[Extracted records]
(* The last letters of the two words are descents of w, so w also has reduced
   words ending in [b a] and [a b] (resp. [a a.+1 a] and [a.+1 a a.+1]): these
   are one move apart, and each shares its last letter with one given word. *)
Lemma moves_comm_last w u v a b : ninv w <= k -> a.+1 < b \/ b.+1 < a ->
  reduced w (rcons u a) -> reduced w (rcons v b) -> moves move (rcons u a) (rcons v b).
Proof.
move=> hk hab hu hv; have hba : b.+1 < a \/ a.+1 < b by tauto.
have [ha hda _] := reduced_rconsE hu; have [hb hdb _] := reduced_rconsE hv.
have [an bn] : a < n /\ b < n by case/andP: ha; case/andP: hb.
have ec : w * adjn a * adjn b = w * adjn b * adjn a by rewrite -!mulgA adjn_comm.
have [r hr] := exists_reduced (w * adjn a * adjn b).
have ra : reduced w (rcons (rcons r b) a).
  by apply: reduced_rcons (ha) hda _; apply: reduced_rcons (hb) (descent_comm an hab hdb) hr.
have rb : reduced w (rcons (rcons r a) b).
  apply: reduced_rcons (hb) hdb _; apply: reduced_rcons (ha) (descent_comm bn hba hda) _.
  by rewrite -ec.
apply: rst_trans (moves_same_last hk hu ra) _; apply: rst_trans _ (moves_same_last hk rb hv).
by apply: rst_step; right; exists r, [::], b, a; rewrite -!cats1 -!catA.
Qed.

Lemma moves_braid_last w u v a : ninv w <= k ->
  reduced w (rcons u a) -> reduced w (rcons v a.+1) -> moves move (rcons u a) (rcons v a.+1).
Proof.
move=> hk hu hv.
have [ha hda _] := reduced_rconsE hu; have [hb hdb _] := reduced_rconsE hv.
have a0 : 0 < a by case/andP: ha.
have a1n : a.+1 < n by case/andP: hb.
have [d1 d2 d3 d4] := descent_braid a0 a1n hda hdb.
have eb : w * adjn a * adjn a.+1 * adjn a = w * adjn a.+1 * adjn a * adjn a.+1.
  by have := congr1 (fun q => w * q) (adjn_braid a0 a1n); rewrite !mulgA.
have [r hr] := exists_reduced (w * adjn a * adjn a.+1 * adjn a).
have ru : reduced w (rcons (rcons (rcons r a) a.+1) a).
  apply: reduced_rcons (ha) hda _; apply: reduced_rcons (hb) d1 _.
  exact: reduced_rcons (ha) d2 hr.
have rv : reduced w (rcons (rcons (rcons r a.+1) a) a.+1).
  apply: reduced_rcons (hb) hdb _; apply: reduced_rcons (ha) d3 _.
  by apply: reduced_rcons (hb) d4 _; rewrite -eb.
apply: rst_trans (moves_same_last hk hu ru) _; apply: rst_trans _ (moves_same_last hk rv hv).
by apply: rst_step; left; exists r, [::], a; left; rewrite -!cats1 -!catA.
Qed.

Lemma moves_reduced_step w u v :
  ninv w <= k -> reduced w u -> reduced w v -> moves move u v.
Proof.
move=> hk; case/lastP: u => [|u a] hu; case/lastP: v => [|v b] hv.
- exact: rst_refl.
- by case: hu hv => _ _ h0 [_ _]; rewrite size_rcons -h0.
- by case: hu hv => _ _ h0 [_ _ h1]; move: h0; rewrite -h1 size_rcons.
have [lt_ab|lt_ba|eab] := ltngtP a b.
- case: (ltnP a.+1 b) => h; first exact: moves_comm_last hk (or_introl h) hu hv.
  have eb : b = a.+1 by lia.
  by subst b; exact: moves_braid_last hk hu hv.
- case: (ltnP b.+1 a) => h; first exact: moves_comm_last hk (or_intror h) hu hv.
  have ea : a = b.+1 by lia.
  by subst a; apply: rst_sym; exact: moves_braid_last hk hv hu.
- by subst b; exact: moves_same_last hk hu hv.
Qed.

End Step.

Theorem matsumoto w u v : reduced w u -> reduced w v -> moves move u v.
Proof.
have [k] := ubnP (ninv w); elim: k w u v => // k IH w u v hk.
by rewrite ltnS in hk; apply: (@moves_reduced_step k IH).
Qed.

Lemma word_prodE (t : seq 'I_n) : word_prod t = wprod (map val t).
Proof. by rewrite /word_prod /wprod big_map; apply: eq_bigr => o _; rewrite adjn_ord. Qed.

Lemma valid_wordE (t : seq 'I_n) : valid_word t = valid (map val t).
Proof. by elim: t => //= a t ->; rewrite ltn_ord andbT. Qed.

Lemma exists_tuple_ord k (s : seq nat) : size s = k -> all (gtn n) s ->
  exists t : k.-tuple 'I_n, map val t = s.
Proof.
elim: s k => [|a s IH] [|k] //=; first by exists [tuple].
case=> hk /andP[ha hs]; have [t ht] := IH k hk hs.
by exists [tuple of Ordinal ha :: t]; rewrite /= ht.
Qed.

Lemma perm_lengthE w : perm_length w = ninv w.
Proof.
have [u [hv hp hs]] := exists_reduced w.
have [t ht] : exists t : (ninv w).-tuple 'I_n, map val t = u.
  exact: exists_tuple_ord hs (valid_ltn hv).
have hw : has_word_of_length w (ninv w).
  by apply/existsP; exists t; rewrite valid_wordE word_prodE ht hv hp eqxx.
rewrite /perm_length; case: excluded_middle_informative => [h|[]]; last by exists (ninv w).
case: ex_minnP => m /existsP[t' /andP[hv' /eqP hp']] /(_ _ hw) hmin.
rewrite valid_wordE in hv'; rewrite word_prodE in hp'.
have := ninv_mul_wprod 1 hv'; rewrite mul1g ninv1 hp' size_map size_tuple /=; lia.
Qed.

Lemma reduced_moves_eq w u v : reduced w u -> reduced w v ->
  moves braid_move u v -> moves comm_move u v -> u = v.
Proof.
move=> hu hv hb hc; have [vu _ _] := hu.
have [hperm hB] := braid_moves_invseq 1 hb vu.
have [_ hC] := comm_moves_invseq 1 hc vu.
apply: (@invseq_inj 1).
apply: eq_from_before (reduced_invseq_uniq hu) (reduced_invseq_uniq hv) (perm_mem hperm) _.
by move=> x y; case: (boolP (incident x y)) => h; [exact: hC | exact: hB].
Qed.

End Permutations.

Section ReducedWords.
Variables (n : nat) (w : {perm 'I_n}).
Local Notation T := ((perm_length w).-tuple 'I_n).
Local Notation R := (reduced_words w).

Lemma mem_reduced_words (t : T) : t \in R <-> reduced w (map val t).
Proof.
rewrite inE valid_wordE word_prodE; split.
- by case/andP=> hv /eqP hp; split=> //; rewrite size_map size_tuple perm_lengthE.
- by case=> hv hp _; rewrite hv hp eqxx.
Qed.

Lemma reduced_tuple u : reduced w u -> exists2 t : T, t \in R & map val t = u.
Proof.
move=> hu; have [hv _ hs] := hu; rewrite -perm_lengthE in hs.
have [t ht] := exists_tuple_ord hs (valid_ltn hv).
by exists t => //; apply/mem_reduced_words; rewrite ht.
Qed.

• PROBLEM DETAILS: Copy all of the data. Keep every word exactly as it is.

• TASK SOLUTION:
(* The last letters of the two words are descents of w, so w also has reduced
   words ending in [b a] and [a b] (resp. [a a.+1 a] and [a.+1 a a.+1]): these
   are one move apart, and each shares its last letter with one given word. *)
Lemma moves_comm_last w u v a b : ninv w <= k -> a.+1 < b \/ b.+1 < a ->
  reduced w (rcons u a) -> reduced w (rcons v b) -> moves move (rcons u a) (rcons v b).
Proof.
move=> hk hab hu hv; have hba : b.+1 < a \/ a.+1 < b by tauto.
have [ha hda _] := reduced_rconsE hu; have [hb hdb _] := reduced_rconsE hv.
have [an bn] : a < n /\ b < n by case/andP: ha; case/andP: hb.
have ec : w * adjn a * adjn b = w * adjn b * adjn a by rewrite -!mulgA adjn_comm.
have [r hr] := exists_reduced (w * adjn a * adjn b).
have ra : reduced w (rcons (rcons r b) a).
  by apply: reduced_rcons (ha) hda _; apply: reduced_rcons (hb) (descent_comm an hab hdb) hr.
have rb : reduced w (rcons (rcons r a) b).
  apply: reduced_rcons (hb) hdb _; apply: reduced_rcons (ha) (descent_comm bn hba hda) _.
  by rewrite -ec.
apply: rst_trans (moves_same_last hk hu ra) _; apply: rst_trans _ (moves_same_last hk rb hv).
by apply: rst_step; right; exists r, [::], b, a; rewrite -!cats1 -!catA.
Qed.

Lemma moves_braid_last w u v a : ninv w <= k ->
  reduced w (rcons u a) -> reduced w (rcons v a.+1) -> moves move (rcons u a) (rcons v a.+1).
Proof.
move=> hk hu hv.
have [ha hda _] := reduced_rconsE hu; have [hb hdb _] := reduced_rconsE hv.
have a0 : 0 < a by case/andP: ha.
have a1n : a.+1 < n by case/andP: hb.
have [d1 d2 d3 d4] := descent_braid a0 a1n hda hdb.
have eb : w * adjn a * adjn a.+1 * adjn a = w * adjn a.+1 * adjn a * adjn a.+1.
  by have := congr1 (fun q => w * q) (adjn_braid a0 a1n); rewrite !mulgA.
have [r hr] := exists_reduced (w * adjn a * adjn a.+1 * adjn a).
have ru : reduced w (rcons (rcons (rcons r a) a.+1) a).
  apply: reduced_rcons (ha) hda _; apply: reduced_rcons (hb) d1 _.
  exact: reduced_rcons (ha) d2 hr.
have rv : reduced w (rcons (rcons (rcons r a.+1) a) a.+1).
  apply: reduced_rcons (hb) hdb _; apply: reduced_rcons (ha) d3 _.
  by apply: reduced_rcons (hb) d4 _; rewrite -eb.
apply: rst_trans (moves_same_last hk hu ru) _; apply: rst_trans _ (moves_same_last hk rv hv).
by apply: rst_step; left; exists r, [::], a; left; rewrite -!cats1 -!catA.
Qed.

Lemma moves_reduced_step w u v :
  ninv w <= k -> reduced w u -> reduced w v -> moves move u v.
Proof.
move=> hk; case/lastP: u => [|u a] hu; case/lastP: v => [|v b] hv.
- exact: rst_refl.
- by case: hu hv => _ _ h0 [_ _]; rewrite size_rcons -h0.
- by case: hu hv => _ _ h0 [_ _ h1]; move: h0; rewrite -h1 size_rcons.
have [lt_ab|lt_ba|eab] := ltngtP a b.
- case: (ltnP a.+1 b) => h; first exact: moves_comm_last hk (or_introl h) hu hv.
  have eb : b = a.+1 by lia.
  by subst b; exact: moves_braid_last hk hu hv.
- case: (ltnP b.+1 a) => h; first exact: moves_comm_last hk (or_intror h) hu hv.
  have ea : a = b.+1 by lia.
  by subst a; apply: rst_sym; exact: moves_braid_last hk hv hu.
- by subst b; exact: moves_same_last hk hu hv.
Qed.

End Step.

Theorem matsumoto w u v : reduced w u -> reduced w v -> moves move u v.
Proof.
have [k] := ubnP (ninv w); elim: k w u v => // k IH w u v hk.
by rewrite ltnS in hk; apply: (@moves_reduced_step k IH).
Qed.

Lemma word_prodE (t : seq 'I_n) : word_prod t = wprod (map val t).
Proof. by rewrite /word_prod /wprod big_map; apply: eq_bigr => o _; rewrite adjn_ord. Qed.

Lemma valid_wordE (t : seq 'I_n) : valid_word t = valid (map val t).
Proof. by elim: t => //= a t ->; rewrite ltn_ord andbT. Qed.

Lemma exists_tuple_ord k (s : seq nat) : size s = k -> all (gtn n) s ->
  exists t : k.-tuple 'I_n, map val t = s.
Proof.
elim: s k => [|a s IH] [|k] //=; first by exists [tuple].
case=> hk /andP[ha hs]; have [t ht] := IH k hk hs.
by exists [tuple of Ordinal ha :: t]; rewrite /= ht.
Qed.

Lemma perm_lengthE w : perm_length w = ninv w.
Proof.
have [u [hv hp hs]] := exists_reduced w.
have [t ht] : exists t : (ninv w).-tuple 'I_n, map val t = u.
  exact: exists_tuple_ord hs (valid_ltn hv).
have hw : has_word_of_length w (ninv w).
  by apply/existsP; exists t; rewrite valid_wordE word_prodE ht hv hp eqxx.
rewrite /perm_length; case: excluded_middle_informative => [h|[]]; last by exists (ninv w).
case: ex_minnP => m /existsP[t' /andP[hv' /eqP hp']] /(_ _ hw) hmin.
rewrite valid_wordE in hv'; rewrite word_prodE in hp'.
have := ninv_mul_wprod 1 hv'; rewrite mul1g ninv1 hp' size_map size_tuple /=; lia.
Qed.

Lemma reduced_moves_eq w u v : reduced w u -> reduced w v ->
  moves braid_move u v -> moves comm_move u v -> u = v.
Proof.
move=> hu hv hb hc; have [vu _ _] := hu.
have [hperm hB] := braid_moves_invseq 1 hb vu.
have [_ hC] := comm_moves_invseq 1 hc vu.
apply: (@invseq_inj 1).
apply: eq_from_before (reduced_invseq_uniq hu) (reduced_invseq_uniq hv) (perm_mem hperm) _.
by move=> x y; case: (boolP (incident x y)) => h; [exact: hC | exact: hB].
Qed.

End Permutations.

Section ReducedWords.
Variables (n : nat) (w : {perm 'I_n}).
Local Notation T := ((perm_length w).-tuple 'I_n).
Local Notation R := (reduced_words w).

Lemma mem_reduced_words (t : T) : t \in R <-> reduced w (map val t).
Proof.
rewrite inE valid_wordE word_prodE; split.
- by case/andP=> hv /eqP hp; split=> //; rewrite size_map size_tuple perm_lengthE.
- by case=> hv hp _; rewrite hv hp eqxx.
Qed.

Lemma reduced_tuple u : reduced w u -> exists2 t : T, t \in R & map val t = u.
Proof.
move=> hu; have [hv _ hs] := hu; rewrite -perm_lengthE in hs.
have [t ht] := exists_tuple_ord hs (valid_ltn hv).
by exists t => //; apply/mem_reduced_words; rewrite ht.
Qed.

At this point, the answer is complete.